Quando viene utilizzato un marchio meramente descrittivo, può essere tutelato solo se abbia acquistato un “significato secondario” rispetto a quello ordinariamente inteso, altrimenti vi sarebbe il rischio di monopolizzare termini non così originali e rendere difficoltoso l'uso del linguaggio stesso. L'obiettivo è chiaramente minimizzare l'interferenza con il normale uso del linguaggio. L'uso di un termine da parte di un produttore esclude altri dal poterlo utilizzare per il proprio marchio. Ciò determina una sottrazione alla sfera comune di parole e simboli esistente.

Vi è poi il rischio che il termine utilizzato per identificare il marchio diventi generico con l'uso: cominci con l'identificare il bene in sé e non il brand di un bene. Esempi

classici sono il marchio “aspirina”, “cellophane”, “yo-yo”, che sono entrati a far parte del linguaggio comune per indicare un medicinale antinfiammatorio, una qualsiasi pellicola trasparente per il packaging e il famoso giocattolo formato da due coppette unite e un cordino avvolto attorno all'asse. Quando questo accade il marchio non può più essere protetto dalla legge. Scrive Posner (1992) a tal proposito:

If the trademarks owner were allowed to exclude competitors from using the generic term to describe their brands, he would be imposing costs on them. This would be fine if society wanted to give trademark owners a form of monopoly power the better to encourage people to think up catchy marks, but the costs of inventing trademarks, as distinct from the cost of inventing useful products or processes or of writing books, are too low to justify so extensive property right (p. 44).

Permettere che anche l'uso di un termine generico possa essere di esclusiva competenza di un soggetto significa imporre costi alla collettività che non sono contemperati dai bassi costi che l'ideatore di un marchio ha dovuto sopportare. Il fatto che il marchio divenuto generico diventi disponibile, ha tuttavia un “possibile vantaggio sociale”, e cioè mettere “in grado altri venditori di descrivere i loro prodotti senza eccessiva difficoltà (come potrebbe un produttore di yo-yo descrivere il proprio prodotto senza usare la parola “yo-yo”?)” (Shavell, 2004, p. 149).

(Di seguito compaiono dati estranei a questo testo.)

(* Let $\mathcal{I}$ be a hereditary weak P-ideal and $\mathcal{J}$ any ideal. Then $\mathcal{J}\preceq\mathcal{I}$ if and only if $\mathcal{J}\leq_K\mathcal{I}$.
   Context: An ideal on an infinite countable set $X$ is a family $\mathcal{I}\subseteq\mathcal{P}(X)$ closed under subsets and finite unions, containing all finite subsets, with $X\notin\mathcal{I}$. $\mathcal{I}|A=\{B\cap A:B\in\mathcal{I}\}$. $\mathcal{J}\leq_K\mathcal{I}$: there is a function $f:\bigcup\mathcal{I}\to\bigcup\mathcal{J}$ with $f^{-1}[B]\in\mathcal{I}$ for all $B\in\mathcal{J}$. $\mathrm{Fin}^2$: ideal on $\omega^2$ of all $A$ with only finitely many $n$ such that $\{m:(n,m)\in A\}$ is infinite. $\mathcal{I}\sqsubseteq\mathcal{J}$: there is a bijection $f:\bigcup\mathcal{J}\to\bigcup\mathcal{I}$ with $f^{-1}[A]\in\mathcal{J}$ for all $A\in\mathcal{I}$. $\mathcal{I}$ is a hereditary weak P-ideal if $\mathrm{Fin}^2\not\sqsubseteq\mathcal{I}|A$ for every $A\notin\mathcal{I}$. $\mathrm{Fin}\otimes\emptyset$: the family of $A\subseteq\omega^2$ with $A\subseteq F\times\omega$ for some finite $F$. If $(G_{i,j})_{(i,j)\in\omega^2}$ is a partition of $\bigcup\mathcal{I}$ (pieces may be empty) into sets from $\mathcal{I}$, then $\hat{\mathcal{I}}(G_{i,j})$ is the ideal on $\omega^2$ of all $A\subseteq\omega^2$ such that every $X\subseteq\bigcup_{(i,j)\in A}G_{i,j}$ with $X\cap G_{i,j}$ finite for all $(i,j)\in A$ belongs to $\mathcal{I}$. $\mathcal{J}\preceq\mathcal{I}$ means: for every partition $(H_{i,j})\subseteq\mathcal{J}$ of $\bigcup\mathcal{J}$ with $\mathrm{Fin}\otimes\emptyset\subseteq\hat{\mathcal{J}}(H_{i,j})$ there is a partition $(G_{i,j})\subseteq\mathcal{I}$ of $\bigcup\mathcal{I}$ with $\hat{\mathcal{J}}(H_{i,j})\cap\mathrm{Fin}^2\subseteq\hat{\mathcal{I}}(G_{i,j})$. *)

From Stdlib Require Import List.

Definition subset {T : Type} (A B : T -> Prop) : Prop := forall x, A x -> B x.

Definition finite_set {T : Type} (A : T -> Prop) : Prop :=
  exists l : list T, forall x, A x -> In x l.

Definition countable_type (T : Type) : Prop :=
  exists f : T -> nat, forall x y, f x = f y -> x = y.

Definition infinite_type (T : Type) : Prop :=
  exists f : nat -> T, forall n m, f n = f m -> n = m.

Definition is_ideal {T : Type} (I : (T -> Prop) -> Prop) : Prop :=
  (forall A B : T -> Prop, subset A B -> I B -> I A) /\
  (forall A B : T -> Prop, I A -> I B -> I (fun x => A x \/ B x)) /\
  (forall A : T -> Prop, finite_set A -> I A) /\
  ~ I (fun _ => True).

Definition restrict {T : Type} (I : (T -> Prop) -> Prop) (A : T -> Prop)
  : (T -> Prop) -> Prop :=
  fun C => exists B, I B /\ (forall x, C x <-> (B x /\ A x)).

Vi sono infine costi di amministrazione e applicazione che, secondo Shavell (2004), sono gli unici davvero rilevanti della legge sul marchio. Tali costi riguardano la prevenzione della violazione dell'uso delle marche e la loro pubblicità, che possono tradursi in sforzi e risorse eccessive per rendere noto e far emergere le caratteristiche del prodotto o servizio o evitare che diventi generico. Questi costi rappresentano uno spreco sociale e andrebbero perciò evitati. Inoltre “[l]a creazione e l'uso delle marche mette in grado i venditori di creare e di mantenere il potere di mercato oppure di ingannare i clienti circa la qualità del prodotto. Questi problemi, tuttavia, possono essere affrontati direttamente attraverso leggi antitrust e sulla pubblicità ingannevole, così che il livello al quale dovrebbero essere considerati come costi impliciti dei diritti di proprietà sulle marche è attenuato” (p. 146).